> [ACTIVITY]:
Tally up every line in the records beneath that has "coordinates", and write down only the total.

Saved entries
======
Lemma subtree_sum_relabel p j :
  subtree_sum (relabel p) (s j) = poly_act s (subtree_sum p j).
Proof.
rewrite /subtree_sum (raddf_sum (poly_act s)) (reindex_inj (@perm_inj _ s)) /=.
by apply: eq_big => [k|k _]; rewrite ?desc_relabel // -poly_act_uvar.
Qed.

Lemma tree_den_relabel p r :
  tree_den (relabel p) (s r) = poly_act s (tree_den p r).
Proof.
rewrite /tree_den (rmorph_prod (poly_act s)) (reindex_inj (@perm_inj _ s)) /=.
by apply: eq_big => [j|j _]; rewrite ?(inj_eq (@perm_inj _ s)) // subtree_sum_relabel.
Qed.

End Relabel.

Section ForestTrees.
Variable n : nat.
Implicit Types (p : rtree n) (F : forest n).

Definition opt_vtx (x : option 'I_n) : 'I_n.+1 :=
  if x is Some i then vtx i else ord0.

Lemma opt_vtx_inj : injective opt_vtx.
Proof. by case=> [i|] [j|] //= /lift_inj ->. Qed.

Lemma opt_vtxP (v : 'I_n.+1) : exists x, v = opt_vtx x.
Proof. by case: (unliftP ord0 v) => [i ->|->]; [exists (Some i) | exists None]. Qed.

Definition lifts_forest p F := forall x, p (opt_vtx x) = opt_vtx (fstep F x).

Lemma iter_fstep_None F m : iter m (fstep F) None = None.
Proof. exact: iter_fix. Qed.

Lemma iter_lifts_forest p F m x : lifts_forest p F ->
  iter m p (opt_vtx x) = opt_vtx (iter m (fstep F) x).
Proof. by move=> pF; elim: m => //= m ->; rewrite pF. Qed.

Lemma lifts_forest_rtree p F : lifts_forest p F -> is_forest F <-> is_rtree p ord0.
Proof.
move=> pF; split => [hF|/andP [_ /forallP h] i].
  apply/andP; split; first by rewrite (pF None).
  apply/forallP => v; have [[i|] ->] := opt_vtxP v;
    by rewrite (iter_lifts_forest _ _ pF) ?hF ?iter_fstep_None.
apply: opt_vtx_inj; rewrite -(iter_lifts_forest _ (Some i) pF).
by apply/eqP; exact: h.
Qed.

Lemma lifts_forest_desc p F i k : lifts_forest p F ->
  desc p (vtx i) (vtx k) = in_subtree F i k.
Proof.
move=> pF; apply: eq_existsb => m.
rewrite (iter_lifts_forest _ (Some k) pF).
by rewrite -[vtx i]/(opt_vtx (Some i)) (inj_eq opt_vtx_inj).
Qed.

Lemma lifts_forest_desc0 p F i : lifts_forest p F -> desc p (vtx i) ord0 = false.
Proof.
move=> pF; apply/negbTE/existsP => -[m].
rewrite -[ord0]/(opt_vtx None) (iter_lifts_forest _ None pF) iter_fstep_None.
by rewrite -[vtx i]/(opt_vtx (Some i)) (inj_eq opt_vtx_inj).
Qed.

Definition forest_den F : {mpoly rat[n]} :=
  \prod_(i < n) \sum_(k < n | in_subtree F i k) 'X_k.

Lemma lifts_forest_tree_den p F : lifts_forest p F -> tree_den p ord0 = forest_den F.
Proof.
move=> pF; rewrite /tree_den big_mkcond big_ord_recl /= mul1r.
apply: eq_bigr => i _; rewrite /subtree_sum big_mkcond big_ord_recl /=.
rewrite (lifts_forest_desc0 i pF) add0r [RHS]big_mkcond.
by apply: eq_bigr => k _; rewrite (lifts_forest_desc _ _ pF) uvar_vtx.
Qed.

Definition B0_parent F : rtree n :=
  [ffun v : 'I_n.+1 => if unlift ord0 v is Some i then
                         (if F i is Some j then vtx j else ord0)
                       else ord0].

Lemma B0E e F : B0 e F = (e, B0_parent F, ord0).
Proof. by []. Qed.

Lemma B0_parent_lifts F : lifts_forest (B0_parent F) F.
Proof.
case=> [i|] /=; rewrite /B0_parent ffunE ?unlift_none //.
by rewrite /vtx liftK; case: (F i).
Qed.

Definition forest_of p : forest n := [ffun i => unlift ord0 (p (vtx i))].

Lemma forest_of_lifts p : p ord0 = ord0 -> lifts_forest p (forest_of p).
Proof.
move=> p0 [i|] //=; rewrite /forest_of ffunE.
by case: (unliftP ord0 (p (vtx i))) => [j ->|->].
Qed.

Lemma B0_parent_forest_of p : p ord0 = ord0 -> B0_parent (forest_of p) = p.
Proof.
move=> p0; apply/ffunP => v; have [x ->] := opt_vtxP v.
by rewrite (B0_parent_lifts _ x) (forest_of_lifts p0 x).
Qed.

End ForestTrees.

Lemma sum_bits_lt (N : nat) (a : nat -> bool) : (\sum_(i < N) a i * 2 ^ i < 2 ^ N)%N.
Proof.
elim: N => [|N IH]; first by rewrite big_ord0.
rewrite big_ord_recr /= expnS mul2n -addnn.
apply: leq_trans (_ : 2 ^ N + a N * 2 ^ N <= _)%N; first by rewrite ltn_add2r.
by rewrite leq_add2l; case: (a N); rewrite ?mul1n ?mul0n.
Qed.

Lemma sum_bits_inj (N : nat) (a b : nat -> bool) :
  (\sum_(i < N) a i * 2 ^ i = \sum_(i < N) b i * 2 ^ i)%N ->
  forall i, (i < N)%N -> a i = b i.
Proof.
elim: N => [|N IH] // e i lt_iN; rewrite !big_ord_recr /= in e.
have eN : a N = b N.
  move/(congr1 (fun x => x %/ 2 ^ N)%N): e; rewrite ![(_ + _ * _)%N]addnC.
  rewrite !divnMDl ?expn_gt0 // !divn_small ?sum_bits_lt // !addn0.
  by case: (a N); case: (b N).
move: lt_iN; rewrite ltnS leq_eqVlt => /orP [/eqP -> //|]; apply: IH.
by move: e; rewrite eN => /addIn.
Qed.

Lemma sum_exp2_inj (n : nat) (S T : {set 'I_n}) :
  (\sum_(k in S) 2 ^ k = \sum_(k in T) 2 ^ k)%N -> S = T.
Proof.
pose bit (X : {set 'I_n}) (j : nat) := [exists k : 'I_n, (k == j :> nat) && (k \in X)].
have bitE X (i : 'I_n) : bit X i = (i \in X).
  apply/existsP/idP => [[k /andP [/eqP /val_inj -> //]]|iX].
  by exists i; rewrite eqxx.
have sumE (X : {set 'I_n}) : (\sum_(k in X) 2 ^ k = \sum_(i < n) bit X i * 2 ^ i)%N.
  rewrite big_mkcond; apply: eq_bigr => i _; rewrite bitE.
  by case: (i \in X); rewrite ?mul1n ?mul0n.
rewrite !sumE => e; apply/setP => i.
by rewrite -!bitE (sum_bits_inj e (ltn_ord i)).
Qed.

Section ForestInjectivity.
Variable n : nat.
Implicit Types (A B F : forest n).

(* At this point the coordinates over S sum to 0, and by the uniqueness of binary
   expansions the coordinates over another nonempty T do not. *)
Definition cancel_point (S : {set 'I_n}) (m k : 'I_n) : rat :=
  if k == m then - ((\sum_(k' in S :\ m) 2 ^ k')%N)%:R else (2 ^ k)%N%:R.

Lemma cancel_point_sum (S T : {set 'I_n}) m : m \in S -> T != set0 ->
  (\sum_(k in T) cancel_point S m k == 0) = (T == S).
Proof.
move=> mS /set0Pn [k0 k0T].
have off X : m \notin X -> \sum_(k in X) cancel_point S m k = (\sum_(k in X) 2 ^ k)%N%:R.
  move=> mX; rewrite natr_sum; apply: eq_bigr => k kX; rewrite /cancel_point.
  by case: eqP => // km; move: mX; rewrite -km kX.
have [mT|mT] := boolP (m \in T).
  rewrite (big_setD1 _ mT) /= off ?setD11 // {1}/cancel_point eqxx addrC subr_eq0.
  rewrite eqr_nat; apply/eqP/eqP => [e|->//].
  by rewrite -(setD1K mT) -(setD1K mS) (sum_exp2_inj e).
rewrite off // pnatr_eq0 (big_setD1 _ k0T) /= addn_eq0 expn_eq0 /=.
by apply/esym/negbTE; apply: contraNneq mT => ->.
Qed.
======
> [WRITTEN REPLY]:
2